#### [Aim of the exercise]
Report every line of the entries that contains the word "Import".

#### [Information provided]
(* Let $T$ be a finite full binary tree with $N\ge 2$ leaves and fringe thickness at most $2$, and let $m=\lceil\log_2 N\rceil$. For $\sigma\in\{0,1\}$ put $M=m-\sigma$, $c^{\sigma}_{\min}=(N-2^M)\sigma$ and $c^{\sigma}_{\max}=\lfloor (2N-2^M)/3\rfloor$. Then there exist $\sigma\in\{0,1\}$ and an integer $c$ with $c^\sigma_{\min}\le c\le c^\sigma_{\max}$ such that $T$ has exactly $2^M-N+c$ leaves at depth $M-1$, exactly $2N-2^M-3c$ leaves at depth $M$, exactly $2c$ leaves at depth $M+1$, and no other leaves. Conversely, for every such $(\sigma,c)$ these numbers are nonnegative and are the leaf-depth counts of some full binary tree $T_{\sigma,c}$.
   Context: A full binary tree is one in which every node is a leaf or has exactly two children. The fringe thickness of a finite tree is the maximum difference between the depths of any two of its leaves. *)

From mathcomp Require Import all_boot all_order all_algebra.
Set Implicit Arguments. Unset Strict Implicit. Unset Printing Implicit Defensive.
Import Order.TTheory GRing.Theory Num.Theory.

Inductive tree : Type := Leaf | Node of tree & tree.

Fixpoint leaf_depths (t : tree) : seq nat :=
  match t with
  | Leaf => [:: 0]
  | Node l r => [seq d.+1 | d <- leaf_depths l ++ leaf_depths r]
  end.

Definition num_leaves (t : tree) : nat := size (leaf_depths t).

Definition fringe_thickness (t : tree) : nat :=
  \max_(i <- leaf_depths t) \max_(j <- leaf_depths t) (i - j).

Definition leaves_at (t : tree) (k : int) : nat :=
  count (fun d : nat => (Posz d == k)) (leaf_depths t).

From mathcomp Require Import all_boot all_order all_algebra zify.
Import Order.TTheory GRing.Theory Num.Theory.
Set Implicit Arguments. Unset Strict Implicit. Unset Printing Implicit Defensive.

(* Kraft's equality gives sum 2^(H - d) = 2^H over the leaf depths d, for any H
   bounding the height. Fringe thickness at most 2 puts every leaf at depth M - 1,
   M or M + 1 for a suitable M, and then the counts a, b, e satisfy
   a + b + e = N and 4a + 2b + e = 2^(M+1): they are determined by c = e / 2,
   the bounds on c say exactly that a, b, e are nonnegative, and these equations
   force 2^(M-1) < N <= 2^(M+1), i.e. M = m or M = m - 1. Conversely, counts
   obeying Kraft's equality split into two halves of equal weight, one for each
   subtree of the root, which are realized recursively. *)

Lemma sumn_map_window (f : nat -> nat) D s : all (fun d => D <= d <= D.+2) s ->
  sumn [seq f d | d <- s] =
    f D * count_mem D s + f D.+1 * count_mem D.+1 s + f D.+2 * count_mem D.+2 s.
Proof.
elim: s => [|x s IH] /=; first by rewrite !muln0.
move=> /andP[hx /IH ->].
have [->|[->|->]] : x = D \/ x = D.+1 \/ x = D.+2 by lia.
all: by rewrite /= eqxx; do ![case: eqP => ?]; lia.
Qed.

Lemma num_leaves_gt0 T : 0 < num_leaves T.
Proof. by elim: T => //= l IHl r _; rewrite /num_leaves /= size_map size_cat ltn_addr. Qed.

Lemma kraft_eq T H : all (fun d => d <= H) (leaf_depths T) ->
  sumn [seq 2 ^ (H - d) | d <- leaf_depths T] = 2 ^ H.
Proof.
elim: T H => [|l IHl r IHr] H /=; first by rewrite subn0 addn0.
rewrite all_map all_cat -map_comp map_cat sumn_cat.
case: H => [|H] /andP[hl hr].
  by move: (num_leaves_gt0 l) hl; rewrite /num_leaves; case: (leaf_depths l).
have shift s : [seq 2 ^ (H.+1 - d.+1) | d <- s] = [seq 2 ^ (H - d) | d <- s].
  by apply: eq_map => d; rewrite subSS.
by rewrite !shift IHl // IHr // expnS mul2n addnn.
Qed.

Lemma leaf_depths_gt0 T : 1 < num_leaves T -> all (fun d => 0 < d) (leaf_depths T).
Proof. by case: T => //= l r _; rewrite all_map; apply/allP. Qed.

Lemma leaf_depth_spread T i j : i \in leaf_depths T -> j \in leaf_depths T ->
  i - j <= fringe_thickness T.
Proof.
move=> hi hj; rewrite /fringe_thickness.
apply: leq_trans (leq_bigmax_seq (F := fun i => \max_(j <- _) (i - j)) i hi isT).
exact: (leq_bigmax_seq (F := fun j => i - j) j hj isT).
Qed.

Lemma thin_tree_window T : 1 < num_leaves T -> fringe_thickness T <= 2 ->
  exists D, all (fun d => D <= d <= D.+2) (leaf_depths T) /\
            has (fun d => D < d) (leaf_depths T).
Proof.
move=> hN hthin; set s := leaf_depths T.
have spread i j : i \in s -> j \in s -> i - j <= 2.
  by move=> hi hj; apply: leq_trans hthin; exact: leaf_depth_spread.
have s_nonempty : exists d, d \in s.
  by exists (nth 0 s 0); apply: mem_nth; exact: ltnW.
have [lo lo_in lo_min] := ex_minnP s_nonempty.
case: (boolP (has (fun d => lo < d) s)) => [deep | /hasPn flat].
  exists lo; split=> //; apply/allP => d d_in.
  by rewrite lo_min //=; have := spread d lo d_in lo_in; lia.
have lo_gt0 : 0 < lo by have := allP (leaf_depths_gt0 hN) lo lo_in.
exists lo.-1; split; last by apply/hasP; exists lo => //; lia.
by apply/allP => d d_in; have := lo_min d d_in; have := flat d d_in; lia.
Qed.

Lemma window_counts T D (s := leaf_depths T) : all (fun d => D <= d <= D.+2) s ->
  [/\ count_mem D s + count_mem D.+1 s + count_mem D.+2 s = num_leaves T,
      4 * count_mem D s + 2 * count_mem D.+1 s + count_mem D.+2 s = 2 ^ D.+2 &
      count (fun d => D < d) s = count_mem D.+1 s + count_mem D.+2 s].
Proof.
move=> win; split.
- have := sumn_map_window (fun d => nat_of_bool (predT d)) win.
  by rewrite sumn_count count_predT /= !mul1n => <-.
- have := sumn_map_window (fun d => 2 ^ (D.+2 - d)) win.
  rewrite kraft_eq; last by apply: sub_all win => d /andP[].
  by rewrite subnn subSnn subSn // subSnn expn0 expn1 mul1n => ->.
- by rewrite -sumn_count (sumn_map_window _ win) /= ltnn ltnSn (ltnW (ltnSn _)) mul0n !mul1n.
Qed.

Lemma up_log2_window D N : 2 ^ D < N <= 2 ^ D.+2 ->
  exists2 sigma, sigma <= 1 & D.+1 = up_log 2 N - sigma.
Proof.
move=> /andP[lo hi]; case: (leqP N (2 ^ D.+1)) => mid.
  by exists 0 => //; rewrite subn0 (up_log_eq (n := D)) // lo.
by exists 1 => //; rewrite (up_log_eq (n := D.+1)) // mid.
Qed.

(* The side condition rules out P = 1 with a > 0: a unit of a has weight 2 and
   fits into neither half. *)
Lemma weight_halves P a b c : 2 * a + b + c = 2 * P -> a = 0 \/ 2 %| P ->
  exists a1 b1 c1 a2 b2 c2, [/\ a = a1 + a2, b = b1 + b2, c = c1 + c2,
    2 * a1 + b1 + c1 = P & 2 * a2 + b2 + c2 = P].
Proof.
move=> hw hP; set a1 := minn a (P %/ 2); set b1 := minn b (P - 2 * a1).
exists a1, b1, (P - 2 * a1 - b1), (a - a1), (b - b1), (c - (P - 2 * a1 - b1)).
split; lia.
Qed.

Local Open Scope ring_scope.

Definition depth_profile (T : tree) (M : nat) (a b e : int) : Prop :=
  [/\ (leaves_at T (M%:Z - 1))%:Z = a, (leaves_at T M%:Z)%:Z = b,
      (leaves_at T (M%:Z + 1))%:Z = e &
      forall k : int, k != M%:Z - 1 -> k != M%:Z -> k != M%:Z + 1 -> leaves_at T k = 0%N].

Lemma leaves_at_nat T (d : nat) : leaves_at T d = count_mem d (leaf_depths T).
Proof. by apply: eq_count => x; rewrite /= eqz_nat. Qed.

Lemma leaves_at_Leaf k : leaves_at Leaf k = (k == 0).
Proof. by rewrite /leaves_at /= addn0 eq_sym. Qed.

Lemma leaves_at_Node l r k :
  leaves_at (Node l r) k = (leaves_at l (k - 1) + leaves_at r (k - 1))%N.
Proof.
rewrite /leaves_at /= count_map count_cat.
by congr (_ + _)%N; apply: eq_count => d /=; rewrite intS addrC -subr_eq.
Qed.

Lemma depth_profile_Leaf0 : depth_profile Leaf 0 0 1 0.
Proof. by split=> // k; rewrite leaves_at_Leaf => _ /negbTE->. Qed.

Lemma depth_profile_Leaf1 : depth_profile Leaf 1 1 0 0.
Proof. by split=> // k /negbTE; rewrite leaves_at_Leaf => ->. Qed.

Lemma depth_profile_cherry : depth_profile (Node Leaf Leaf) 0 0 0 2.
Proof.
split=> [||| k _ _ hk]; rewrite leaves_at_Node !leaves_at_Leaf //.
by rewrite subr_eq0 (negbTE hk).
Qed.

Lemma depth_profile_Node l r M a b e a' b' e' :
  depth_profile l M a b e -> depth_profile r M a' b' e' ->
  depth_profile (Node l r) M.+1 (a + a') (b + b') (e + e').
Proof.
move=> [la lb le l0] [ra rb re r0].
have lvl k : (leaves_at (Node l r) (k + 1))%:Z = (leaves_at l k)%:Z + (leaves_at r k)%:Z.
  by rewrite leaves_at_Node addrK PoszD.
rewrite /depth_profile.
have -> : M.+1%:Z - 1 = (M%:Z - 1) + 1 by lia.
have -> : M.+1%:Z = M%:Z + 1 by lia.
split; rewrite ?lvl ?la ?ra ?lb ?rb ?le ?re //.
move=> k h1 h2 h3; rewrite leaves_at_Node l0 ?r0 //; lia.
Qed.

Lemma depth_profile_window T D (s := leaf_depths T) :
  all (fun d => D <= d <= D.+2)%N s ->
  depth_profile T D.+1 (count_mem D s) (count_mem D.+1 s) (count_mem D.+2 s).
Proof.
move=> win; rewrite /depth_profile.
have -> : D.+1%:Z - 1 = D by lia.
have -> : D.+1%:Z + 1 = D.+2 by lia.
rewrite !leaves_at_nat; split=> // k h0 h1 h2.
apply/eqP; rewrite eqn0Ngt -has_count; apply/hasPn => d /(allP win) hd.
by apply/negP => /eqP dk; move: h0 h1 h2; rewrite -dk; lia.
Qed.

Lemma thin_tree_depth_profile T : (1 < num_leaves T)%N -> (fringe_thickness T <= 2)%N ->
  exists D (a b e : nat), [/\ depth_profile T D.+1 a b e, (a + b + e = num_leaves T)%N,
    (4 * a + 2 * b + e = 2 ^ D.+2)%N & (0 < b + e)%N].
Proof.
move=> N_gt1 thin; have [D [win deep]] := thin_tree_window N_gt1 thin.
have [size_eq kraft deep_eq] := window_counts win.
exists D, (count_mem D (leaf_depths T)), (count_mem D.+1 (leaf_depths T)),
  (count_mem D.+2 (leaf_depths T)).
by rewrite -deep_eq -has_count; split=> //; exact: depth_profile_window.
Qed.

Lemma exists_depth_profile (M a b c : nat) : (2 * a + b + c = 2 ^ M)%N ->
  exists T, depth_profile T M a b (2 * c)%N.
Proof.
elim: M a b c => [|M IH] a b c hw.
  have [[-> [-> ->]]|[-> [-> ->]]] : (a = 0 /\ b = 1 /\ c = 0 \/ a = 0 /\ b = 0 /\ c = 1)%N by lia.
  - by exists Leaf; exact: depth_profile_Leaf0.
  - by exists (Node Leaf Leaf); exact: depth_profile_cherry.
have [[-> [-> [-> ->]]] | hP] :
    (M = 0 /\ a = 1 /\ b = 0 /\ c = 0 \/ a = 0 \/ 2 %| 2 ^ M)%N.
  case: M {IH} hw => [|M] hw; last by right; right; rewrite expnS dvdn_mulr.
  by move: hw; rewrite expn1; lia.
by exists Leaf; exact: depth_profile_Leaf1.
rewrite expnS in hw.
have [a1 [b1 [c1 [a2 [b2 [c2 [-> -> -> h1 h2]]]]]]] := weight_halves hw hP.
have [l hl] := IH _ _ _ h1; have [r hr] := IH _ _ _ h2.
by exists (Node l r); rewrite mulnDr !PoszD; exact: depth_profile_Node.
Qed.

Lemma pow2z n : 2 ^+ n = (2 ^ n)%N%:Z.
Proof. by rewrite -natz natrX. Qed.

Lemma shape_range_counts_ge0 (N m sigma : nat) (c : int) :
  (sigma <= 1)%N -> (2 ^ m.-1 < N <= 2 ^ m)%N ->
  ((N%:Z - 2 ^+ (m - sigma)) * sigma%:Z <= c <= ((2 * N%:Z - 2 ^+ (m - sigma)) %/ 3)%Z)
  = [&& 0 <= 2 ^+ (m - sigma) - N%:Z + c, 0 <= 2 * N%:Z - 2 ^+ (m - sigma) - 3 * c
      & 0 <= c].
Proof.
move=> sig1 /andP[lo hi]; rewrite lez_divRL // pow2z.
case: sigma sig1 => [|[|//]] _; rewrite ?mulr0 ?mulr1 ?subn0 ?subn1 in lo hi *;
  by apply/andP/and3P => [[h1 h2]|[h1 h2 h3]]; split; lia.
Qed.

Theorem lemma7 (N : nat) (hN : (2 <= N)%N) :
  let m := up_log 2 N in
  let M (sigma : nat) : nat := (m - sigma)%N in
  let cmin (sigma : nat) : int := (N%:Z - 2 ^+ M sigma) * sigma%:Z in
  let cmax (sigma : nat) : int := ((2 * N%:Z - 2 ^+ M sigma) %/ 3)%Z in
  (forall T : tree, num_leaves T = N -> (fringe_thickness T <= 2)%N ->
     exists (sigma : nat) (c : int),
       [/\ (sigma <= 1)%N, cmin sigma <= c <= cmax sigma &
         [/\ (leaves_at T ((M sigma)%:Z - 1))%:Z = 2 ^+ M sigma - N%:Z + c,
           (leaves_at T (M sigma)%:Z)%:Z = 2 * N%:Z - 2 ^+ M sigma - 3 * c,
           (leaves_at T ((M sigma)%:Z + 1))%:Z = 2 * c
         & forall k : int,
             k != (M sigma)%:Z - 1 -> k != (M sigma)%:Z -> k != (M sigma)%:Z + 1 ->
             leaves_at T k = 0%N]])
  /\
  (forall (sigma : nat) (c : int), (sigma <= 1)%N -> cmin sigma <= c <= cmax sigma ->
     [/\ 0 <= 2 ^+ M sigma - N%:Z + c,
         0 <= 2 * N%:Z - 2 ^+ M sigma - 3 * c,
         0 <= 2 * c
       & exists T : tree,
           [/\ (leaves_at T ((M sigma)%:Z - 1))%:Z = 2 ^+ M sigma - N%:Z + c,
               (leaves_at T (M sigma)%:Z)%:Z = 2 * N%:Z - 2 ^+ M sigma - 3 * c,
               (leaves_at T ((M sigma)%:Z + 1))%:Z = 2 * c
             & forall k : int,
                 k != (M sigma)%:Z - 1 -> k != (M sigma)%:Z -> k != (M sigma)%:Z + 1 ->
                 leaves_at T k = 0%N]]).
Proof.
move=> m M cmin cmax; have m_bounds := up_log_bounds (isT : (1 < 2)%N) hN.
split=> [T NT thin | sigma c sig1].
  have N_gt1 : (1 < num_leaves T)%N by rewrite NT.
  have [D [a [b [e [profile size_eq kraft be_gt0]]]]] := thin_tree_depth_profile N_gt1 thin.
  rewrite NT in size_eq.
  have [sigma sig1 MD] : exists2 sigma, (sigma <= 1)%N & D.+1 = (m - sigma)%N.
    by apply: up_log2_window; rewrite !expnS in kraft *; lia.
  exists sigma, (a%:Z + N%:Z - 2 ^+ D.+1).
  rewrite /cmin /cmax /M shape_range_counts_ge0 // -MD !pow2z.
  set c := _ + _ - _; rewrite expnS in kraft.
  have [ea eb ee] : [/\ a%:Z = (2 ^ D.+1)%N%:Z - N%:Z + c,
      b%:Z = 2 * N%:Z - (2 ^ D.+1)%N%:Z - 3 * c & e%:Z = 2 * c] by split; lia.
  split=> //; first by apply/and3P; split; lia.
  by move: profile; rewrite /depth_profile ea eb ee.
rewrite /cmin /cmax /M shape_range_counts_ge0 // !pow2z => /and3P[ha hb hc].
split=> //; first by lia.
case: c ha hb hc => [c|//] ha hb _; set P := (2 ^ (m - sigma))%N in ha hb *.
have kraft : (2 * (P + c - N) + (2 * N - P - 3 * c) + c = P)%N by lia.
have [T profile] := exists_depth_profile kraft.
have [ea eb ee] : [/\ (P + c - N)%N%:Z = P%:Z - N%:Z + c%:Z,
    (2 * N - P - 3 * c)%N%:Z = 2 * N%:Z - P%:Z - 3 * c%:Z & (2 * c)%N%:Z = 2 * c%:Z].
  by split; lia.
by exists T; move: profile; rewrite /depth_profile ea eb ee.
Qed.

#### [Task response]
From mathcomp Require Import all_boot all_order all_algebra.
Import Order.TTheory GRing.Theory Num.Theory.
From mathcomp Require Import all_boot all_order all_algebra zify.
Import Order.TTheory GRing.Theory Num.Theory.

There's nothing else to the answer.